Surgeons successfully inserted a pig kidney into a human patient and watched it start to work. This is reported by the US media. The pig had been genetically engineered so that it was less likely to reject the organ. This represents a major milestone on the way to one day using animal organs for human transplants and thus shortening waiting lists for donor organs.

NYU Langone Health’s surgical team connected the pig kidney to blood vessels outside the body of a brain-dead recipient and then observed her for two days. The patient’s family consented to the experiment before the woman should be withdrawn from life support. The kidney was functioning normally: it was filtering waste and producing urine. During the short observation period, she showed no signs of rejection.

The study was conducted last month. Publication in a journal and peer review are pending, reports the New York Times. But outside experts say the experiment represents a big step forward. “There is no doubt that this is a most significant breakthrough,” says Darren K. Griffin, Professor of Genetics at the University of Kent, UK. “The research team has been careful, using a brain death patient, bandaging the kidney outside the body and monitoring it for a limited time, so there is still a long way to go and there is still a lot to discover,” added he added.

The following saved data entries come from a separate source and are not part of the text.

Lemma adj_minus_sym F : symmetric (adj_minus F).
Proof.
move=> u w; apply/existsP/existsP => -[e /andP [HF H]]; exists e; rewrite HF /=;
  by case/orP: H => /andP [-> ->]; rewrite ?orbT.
Qed.

Lemma connect_minus_sym F u w : connect (adj_minus F) u w = connect (adj_minus F) w u.
Proof. by rewrite (sym_connect_sym (adj_minus_sym F)). Qed.

Lemma adj_minus_edge F e : e \notin F -> adj_minus F (alpha e) (omega e).
Proof. move=> HF; apply/existsP; exists e; by rewrite HF !eqxx. Qed.

Lemma connect_minus_sub F F' u w : F \subset F' ->
  connect (adj_minus F') u w -> connect (adj_minus F) u w.
Proof.
move=> HS; apply: connect_sub => a b /existsP [e /andP [HF H]]; apply: connect1.
apply/existsP; exists e; rewrite H andbT.
by apply: contra HF; apply: (subsetP HS).
Qed.

Lemma connect_minus_alpha_omega F e u : e \notin F ->
  connect (adj_minus F) u (alpha e) = connect (adj_minus F) u (omega e).
Proof.
move=> HF; apply/idP/idP => H.
  by apply: connect_trans H (connect1 (adj_minus_edge HF)).
apply: connect_trans H (connect1 _); by rewrite adj_minus_sym adj_minus_edge.
Qed.

Lemma uwalk_connect F u s w : uwalk u s w -> all (fun st => st.1 \notin F) s ->
  connect (adj_minus F) u w.
Proof.
elim: s u => [|[e b] s IH] u /=; first by move/eqP ->.
move=> /andP [/eqP Hs Hw] /andP [HF Hall].
apply: connect_trans (IH _ Hw Hall); apply: connect1; rewrite -Hs.
case: b {Hs Hw} => /=; first exact: adj_minus_edge.
by rewrite adj_minus_sym adj_minus_edge.
Qed.

Lemma path_uwalk F x p : path (adj_minus F) x p -> uniq (x :: p) ->
  exists s, [&& uwalk x s (last x p), no_backtrack s,
             all (fun st => st.1 \notin F) s & map (@step_dst _ X) s == p].
Proof.
elim: p x => [|y p IH] x /=.
  by move=> _ _; exists [::]; rewrite /= eqxx.
move=> /andP [Hxy Hp] /andP [Hx Hu].
have [s' /and4P [Hw Hnb Hall /eqP Hmap]] := IH y Hp Hu.
move/existsP: Hxy => [e /andP [HF Hdir]].
have [b [Hsrc Hdst]] : exists b, step_src (e, b) = x /\ step_dst (e, b) = y.
  case/orP: Hdir => /andP [/eqP H1 /eqP H2]; [exists true | exists false]; by [].
subst p.
exists ((e, b) :: s'); rewrite /= Hsrc Hdst eqxx Hw HF Hall eqxx /= !andbT.
rewrite /no_backtrack /=.
clear IH Hp; case: s' Hw Hnb Hall Hx Hu => [//|[e2 b2] s''] /= Hw Hnb Hall Hx Hu.
rewrite Hnb andbT.
move: Hw => /andP [/eqP Hsrc2 _].
apply/eqP => Hee; subst e2.
move: Hx; rewrite !inE !negb_or => /and3P [Hxy Hxz _].
move: Hu => /andP [Hyp _]; move: Hyp; rewrite !inE negb_or => /andP [Hyz _].
clear Hnb Hall; case: b b2 Hsrc Hdst Hsrc2 Hxy Hxz Hyz => [] [] Hsrc Hdst Hsrc2 Hxy Hxz Hyz;
  rewrite /= in Hsrc Hdst Hsrc2 Hxz Hyz; subst x y;
  by rewrite ?Hsrc2 ?eqxx in Hxy Hxz Hyz.
Qed.

Lemma connect_uwalk F u w : connect (adj_minus F) u w ->
  exists s, [&& uwalk u s w, no_backtrack s & all (fun st => st.1 \notin F) s].
Proof.
move/connectP => [p Hp ->].
case: (shortenP Hp) => p' Hp' Hu _.
have [s /and4P [H1 H2 H3 _]] := path_uwalk Hp' Hu.
by exists s; rewrite H1 H2 H3.
Qed.

Lemma alpha_neq_omega e : alpha e != omega e.
Proof.
apply/negP => /eqP H.
have Hw : uwalk (alpha e) [:: (e, true)] (alpha e) by rewrite /= eqxx /= H eqxx.
by have := Hac Hw isT.
Qed.

Lemma cut_edge_omega_alpha e : ~~ connect (adj_minus [set e]) (omega e) (alpha e).
Proof.
apply/negP => /connect_uwalk [s /and3P [Hw Hnb Hall]].
have Hw' : uwalk (alpha e) ((e, true) :: s) (alpha e)
  by rewrite /= /step_src /step_dst /= eqxx.
have Hnb' : no_backtrack ((e, true) :: s).
  move: Hnb Hall; rewrite /no_backtrack; clear Hw Hw'.
  by case: s => [//|st s] /= -> /andP [Hst _]; rewrite andbT; move: Hst; rewrite inE eq_sym.
by have := Hac Hw' Hnb'.
Qed.
Lemma basis_ext0 : basis_ext 0 = 0.
Proof. by have := basis_extZ 0 0; rewrite !scale0r. Qed.

Lemma basis_ext_gam n : (0 < n)%N -> basis_ext (g n) = T n.
Proof.
by move=> n_gt0; rewrite -{1}(sum_nat_delta (gam^~ x) n_gt0) basis_ext_sum sum_nat_delta.
Qed.

Lemma basis_ext_der (mul : A -> A -> A) (act : A -> N -> N) :
  is_DPalg mul gam -> is_Aplus_mod mul act ->
  (forall i j, (0 < i)%N -> (0 < j)%N ->
     T (i + j)%N *+ 'C(i + j, i) = act (g i) (T j) + act (g j) (T i)) ->
  is_der mul act basis_ext.
Proof.
move=> dpA modN leibT; have algA : is_ncalg mul by case: dpA.
have ext_sum := big_morph basis_ext basis_extD basis_ext0.
have ext_muln a k : basis_ext (a *+ k) = basis_ext a *+ k.
  by elim: k => [|k IHk]; rewrite ?basis_ext0 // !mulrS basis_extD IHk.
have act_sums n c n' c' :
    act (\sum_(1 <= i < n) c i *: g i) (\sum_(1 <= j < n') c' j *: T j) =
    \sum_(1 <= i < n) \sum_(1 <= j < n') (c i * c' j) *: act (g i) (T j).
  rewrite (act_suml modN); apply: eq_bigr => i _.
  rewrite (actZl modN) (act_sumr modN) scaler_sumr; apply: eq_bigr => j _.
  by rewrite (actZr modN) scalerA.
have leib_sums n c n' c' :
    basis_ext (mul (\sum_(1 <= i < n) c i *: g i) (\sum_(1 <= j < n') c' j *: g j)) =
    act (\sum_(1 <= i < n) c i *: g i) (\sum_(1 <= j < n') c' j *: T j) +
    act (\sum_(1 <= j < n') c' j *: g j) (\sum_(1 <= i < n) c i *: T i).
  rewrite !act_sums (exchange_big_nat _ 1 n' 1 n) -big_split /=.
  rewrite (nmul_suml algA) ext_sum; apply: eq_big_nat => i /andP[i_gt0 _].
  rewrite (nmulZl algA) (nmul_sumr algA) scaler_sumr ext_sum -big_split /=.
  apply: eq_big_nat => j /andP[j_gt0 _].
  rewrite (nmulZr algA) scalerA (gam_mul x dpA) // basis_extZ ext_muln.
  by rewrite basis_ext_gam ?addn_gt0 ?i_gt0 // leibT // (mulrC (c' j)) -scalerDr.
split=> [|| a b]; [exact: basis_extD | exact: basis_extZ |].
by rewrite {1}(basis_expansion a) {1}(basis_expansion b) leib_sums -!basis_expansion.
Qed.
(* Let $\mathbb{H}$ be a finite-dimensional complex Hilbert space with $\dim\mathbb{H}\ge2$, let $k,n$ be positive integers, let $\alpha,\beta$ be complex numbers with $|\alpha|^2+|\beta|^2=1$ and $|\beta|\ne1$, and let $|\phi\rangle\in\mathbb{H}$ be a fixed unit vector (independent of the input; known or unknown). For a pure state $\rho_\psi$ on $\mathbb{H}$ let $|\varphi\rangle\propto\alpha|\psi\rangle+\beta|\phi\rangle$. Then: (i) if $0<|\beta|<1$, there is no probabilistic quantum transformation $\mathcal{F}$ from $\mathbb{H}^{\otimes k}$ to $\mathbb{H}^{\otimes n}$ with $\mathcal{F}(\rho_\psi^{\otimes k})=\rho_\varphi^{\otimes n}$ for all pure states $\rho_\psi$ on $\mathbb{H}$; (ii) if $\beta=0$ and $n>k$, there is no probabilistic quantum transformation $\mathcal{F}$ from $\mathbb{H}^{\otimes k}$ to $\mathbb{H}^{\otimes n}$ with $\mathcal{F}(\rho_\psi^{\otimes k})=\rho_\psi^{\otimes n}$ for all pure states $\rho_\psi$; (iii) if $\beta=0$ and $n<k$, there is no unitary $U$ on $\mathbb{H}^{\otimes k}$ with $U\rho_\psi^{\otimes k}U^\dagger=\rho_\psi^{\otimes n}\otimes\rho_0^{\otimes(k-n)}$ for all pure states $\rho_\psi$, where $|0\rangle\in\mathbb{H}$ is a fixed unit vector.
   Context: For a unit vector $|\psi\rangle$, $\rho_\psi=|\psi\rangle\langle\psi|$; $|\varphi\rangle\propto|\chi\rangle$ means $|\varphi\rangle$ is the normalization of $|\chi\rangle$ up to a global phase. A probabilistic quantum transformation from $\mathbb{H}_1$ to $\mathbb{H}_2$ is a completely positive, trace-non-increasing linear map from operators on $\mathbb{H}_1$ to operators on $\mathbb{H}_2$; $\mathcal{F}(\rho)=\sigma$ for pure states means $\mathcal{F}(\rho)=p\sigma$ for some $p>0$. *)

From HB Require Import structures.
From mathcomp Require Import all_boot all_order all_algebra.
From mathcomp Require Export sesquilinear spectral.
Set Implicit Arguments. Unset Strict Implicit. Unset Printing Implicit Defensive.
Import Order.TTheory GRing.Theory Num.Theory.
Local Open Scope ring_scope.

Section QDefs.
Variable C : numClosedFieldType.

Definition adjmx m n (A : 'M[C]_(m, n)) : 'M[C]_(n, m) := ((map_mx Num.conj A)^T)%R.

Definition sqnorm n (v : 'cV[C]_n) : C := (adjmx v *m v) 0 0.

Definition unit_vec n (v : 'cV[C]_n) : Prop := sqnorm v = 1.

(* normalization of a vector (the global phase is irrelevant for rho) *)
Definition normalize n (v : 'cV[C]_n) : 'cV[C]_n := (sqrtC (sqnorm v))^-1 *: v.

Definition proj n (v : 'cV[C]_n) : 'M[C]_n := v *m adjmx v.

Definition split_idx m n (i : 'I_(m * n)) : 'I_m * 'I_n :=
  enum_val (cast_ord (esym (mxvec_cast m n)) i).

Definition kron m1 n1 m2 n2 (A : 'M[C]_(m1, n1)) (B : 'M[C]_(m2, n2))
  : 'M[C]_(m1 * m2, n1 * n2) :=
  \matrix_(i, j) (A (split_idx i).1 (split_idx j).1 * B (split_idx i).2 (split_idx j).2).
(* Fix a symmetric [A = \sum_i l_i P_i] (distinct eigenvalues [l_i], orthogonal
   eigenprojections [P_i]), put [w_i = <1, P_i 1>] and [W x = \sum_i w_i / (1 - l_i x)].
   For [x] between [1 / l_min] and [1 / l_max] the pencil [I - x A] is positive
   semidefinite and [z = \sum_i (1 - l_i x)^-1 P_i 1] solves [z (I - x A) = 1], so every
   [v] in [S_n] with [<v, A v> = 0] satisfies
   [0 <= <(v - z) (I - x A), v - z> = W x - |v|^2].  Conversely [<z A, z> = W' x], so at
   a critical point of [W] the vector [z] itself is feasible with [|z|^2 = W x].  A
   critical point in the interval exists by the intermediate value theorem applied to
   [W'] with its denominators cleared: at the endpoint [1 / l] this polynomial has the
   sign of [l], unless [w = 0] for that eigenvalue and [W'] has the wrong sign, in which
   case adding a multiple of an [l]-eigenvector to [z] attains [W] at the endpoint.
   For [A = 0], [S_n] is the sphere with diameter [[0, 1]], on which [|v|^2 <= n]. *)

Lemma mul_le1_between (R : realFieldType) (a b e x : R) :
  a < 0 -> 0 < b -> a <= e <= b -> a^-1 <= x <= b^-1 -> e * x <= 1.
Proof.
move=> a0 b0 /andP [ae eb] /andP [ax xb].
have [x0|x0] := leP 0 x.
  apply: le_trans (ler_wpM2r x0 eb) _.
  by rewrite -(mulfV (lt0r_neq0 b0)) ler_wpM2l // ltW.
apply: le_trans (ler_wnM2r (ltW x0) ae) _.
by rewrite -(mulfV (ltr0_neq0 a0)) ler_wnM2l // ltW.
Qed.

Dr. Dorry Segev, professor of transplant surgery at the Johns Hopkins School of Medicine, who was not involved in the research, thinks the study is a “big, big deal,” as he opposed the New York Times said. However, he added, “We need to know more about the organ’s longevity.”

In recent years, research has increasingly focused on pigs as the most promising avenue for addressing organ deficiency, but there have been a number of obstacles, most notably the fact that a sugar in pig cells induces an aggressive rejection response in humans.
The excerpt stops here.